§ **Activity**
Lines that include the word "Fixpoint" should be copied from the listing that follows.

── Records to use

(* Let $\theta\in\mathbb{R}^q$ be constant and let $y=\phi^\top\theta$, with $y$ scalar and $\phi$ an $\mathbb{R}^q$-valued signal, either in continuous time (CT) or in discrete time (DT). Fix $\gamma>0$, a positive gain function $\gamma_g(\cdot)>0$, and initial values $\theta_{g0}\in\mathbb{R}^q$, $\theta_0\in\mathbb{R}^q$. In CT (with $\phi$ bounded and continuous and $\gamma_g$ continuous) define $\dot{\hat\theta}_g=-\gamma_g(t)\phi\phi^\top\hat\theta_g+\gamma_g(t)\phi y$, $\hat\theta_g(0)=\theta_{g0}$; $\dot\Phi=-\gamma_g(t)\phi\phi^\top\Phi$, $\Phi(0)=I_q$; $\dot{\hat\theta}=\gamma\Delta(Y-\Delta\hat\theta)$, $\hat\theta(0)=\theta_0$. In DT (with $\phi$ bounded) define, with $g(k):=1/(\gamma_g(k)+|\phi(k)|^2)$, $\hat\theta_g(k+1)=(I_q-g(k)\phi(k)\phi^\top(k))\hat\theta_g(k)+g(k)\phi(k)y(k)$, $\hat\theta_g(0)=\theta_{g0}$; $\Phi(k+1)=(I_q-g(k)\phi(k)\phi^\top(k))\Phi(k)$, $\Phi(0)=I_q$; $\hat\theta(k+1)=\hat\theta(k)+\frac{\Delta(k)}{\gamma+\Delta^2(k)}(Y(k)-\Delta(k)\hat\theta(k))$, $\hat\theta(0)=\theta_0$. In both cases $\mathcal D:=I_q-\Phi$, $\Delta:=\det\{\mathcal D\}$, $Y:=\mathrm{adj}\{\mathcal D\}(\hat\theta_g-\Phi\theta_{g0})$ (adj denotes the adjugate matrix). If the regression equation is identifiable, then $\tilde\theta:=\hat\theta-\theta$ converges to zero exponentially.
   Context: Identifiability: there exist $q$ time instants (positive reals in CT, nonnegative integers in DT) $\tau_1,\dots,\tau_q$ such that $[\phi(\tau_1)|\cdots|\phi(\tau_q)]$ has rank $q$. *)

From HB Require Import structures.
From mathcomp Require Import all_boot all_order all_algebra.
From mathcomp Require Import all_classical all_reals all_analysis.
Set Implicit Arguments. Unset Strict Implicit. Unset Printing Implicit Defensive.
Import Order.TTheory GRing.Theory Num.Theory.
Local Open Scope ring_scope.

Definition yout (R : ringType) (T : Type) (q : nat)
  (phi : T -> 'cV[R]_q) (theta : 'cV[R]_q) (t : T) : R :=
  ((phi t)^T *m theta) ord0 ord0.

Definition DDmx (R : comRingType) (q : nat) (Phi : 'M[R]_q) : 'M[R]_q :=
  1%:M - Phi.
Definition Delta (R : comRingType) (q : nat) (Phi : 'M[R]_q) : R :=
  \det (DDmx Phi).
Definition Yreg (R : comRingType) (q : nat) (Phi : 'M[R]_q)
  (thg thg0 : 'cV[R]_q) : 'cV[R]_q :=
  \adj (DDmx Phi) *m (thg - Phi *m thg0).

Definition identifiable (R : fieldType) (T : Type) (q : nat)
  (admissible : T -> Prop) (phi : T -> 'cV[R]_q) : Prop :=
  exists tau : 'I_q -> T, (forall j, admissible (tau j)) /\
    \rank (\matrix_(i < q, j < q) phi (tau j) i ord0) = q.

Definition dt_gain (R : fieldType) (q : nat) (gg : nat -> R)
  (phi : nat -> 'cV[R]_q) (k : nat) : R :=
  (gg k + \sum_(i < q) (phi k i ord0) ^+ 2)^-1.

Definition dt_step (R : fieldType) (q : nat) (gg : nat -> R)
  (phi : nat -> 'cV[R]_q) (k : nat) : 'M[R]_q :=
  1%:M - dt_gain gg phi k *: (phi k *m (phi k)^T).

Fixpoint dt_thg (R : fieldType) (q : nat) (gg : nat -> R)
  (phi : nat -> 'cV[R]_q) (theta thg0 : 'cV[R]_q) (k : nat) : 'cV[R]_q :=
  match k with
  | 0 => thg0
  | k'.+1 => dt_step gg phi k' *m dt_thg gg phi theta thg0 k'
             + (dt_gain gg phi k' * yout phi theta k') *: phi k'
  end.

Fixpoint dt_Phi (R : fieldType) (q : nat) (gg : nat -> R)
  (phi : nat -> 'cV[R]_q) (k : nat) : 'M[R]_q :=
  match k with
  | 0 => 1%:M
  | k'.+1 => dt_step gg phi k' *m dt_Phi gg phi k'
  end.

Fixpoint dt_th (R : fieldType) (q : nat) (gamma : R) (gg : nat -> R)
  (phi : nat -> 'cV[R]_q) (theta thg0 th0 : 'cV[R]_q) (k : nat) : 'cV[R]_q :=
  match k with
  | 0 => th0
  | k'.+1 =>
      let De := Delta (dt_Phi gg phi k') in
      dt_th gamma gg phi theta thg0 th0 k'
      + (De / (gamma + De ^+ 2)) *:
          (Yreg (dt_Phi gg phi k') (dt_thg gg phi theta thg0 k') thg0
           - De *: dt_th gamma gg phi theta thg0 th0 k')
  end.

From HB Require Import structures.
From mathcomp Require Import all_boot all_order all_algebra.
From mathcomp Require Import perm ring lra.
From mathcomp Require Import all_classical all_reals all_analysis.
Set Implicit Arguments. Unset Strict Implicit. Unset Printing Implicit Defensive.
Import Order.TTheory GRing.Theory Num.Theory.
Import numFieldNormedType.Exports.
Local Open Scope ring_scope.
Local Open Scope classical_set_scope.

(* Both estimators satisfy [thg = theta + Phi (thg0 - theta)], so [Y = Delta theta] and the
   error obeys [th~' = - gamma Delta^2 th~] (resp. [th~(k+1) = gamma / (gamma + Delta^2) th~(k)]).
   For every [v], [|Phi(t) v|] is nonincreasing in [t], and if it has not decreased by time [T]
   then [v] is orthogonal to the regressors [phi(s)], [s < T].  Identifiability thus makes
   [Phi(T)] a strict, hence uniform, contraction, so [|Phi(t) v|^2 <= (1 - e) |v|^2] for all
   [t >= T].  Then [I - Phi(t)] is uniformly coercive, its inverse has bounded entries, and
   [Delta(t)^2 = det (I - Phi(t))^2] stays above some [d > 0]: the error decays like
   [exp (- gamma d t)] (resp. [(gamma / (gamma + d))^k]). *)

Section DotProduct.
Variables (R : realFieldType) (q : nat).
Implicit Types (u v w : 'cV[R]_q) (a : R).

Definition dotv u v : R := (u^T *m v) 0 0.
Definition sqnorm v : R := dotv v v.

────

§ **Solution for this exercise**
Fixpoint dt_thg (R : fieldType) (q : nat) (gg : nat -> R)
Fixpoint dt_Phi (R : fieldType) (q : nat) (gg : nat -> R)
Fixpoint dt_th (R : fieldType) (q : nat) (gamma : R) (gg : nat -> R)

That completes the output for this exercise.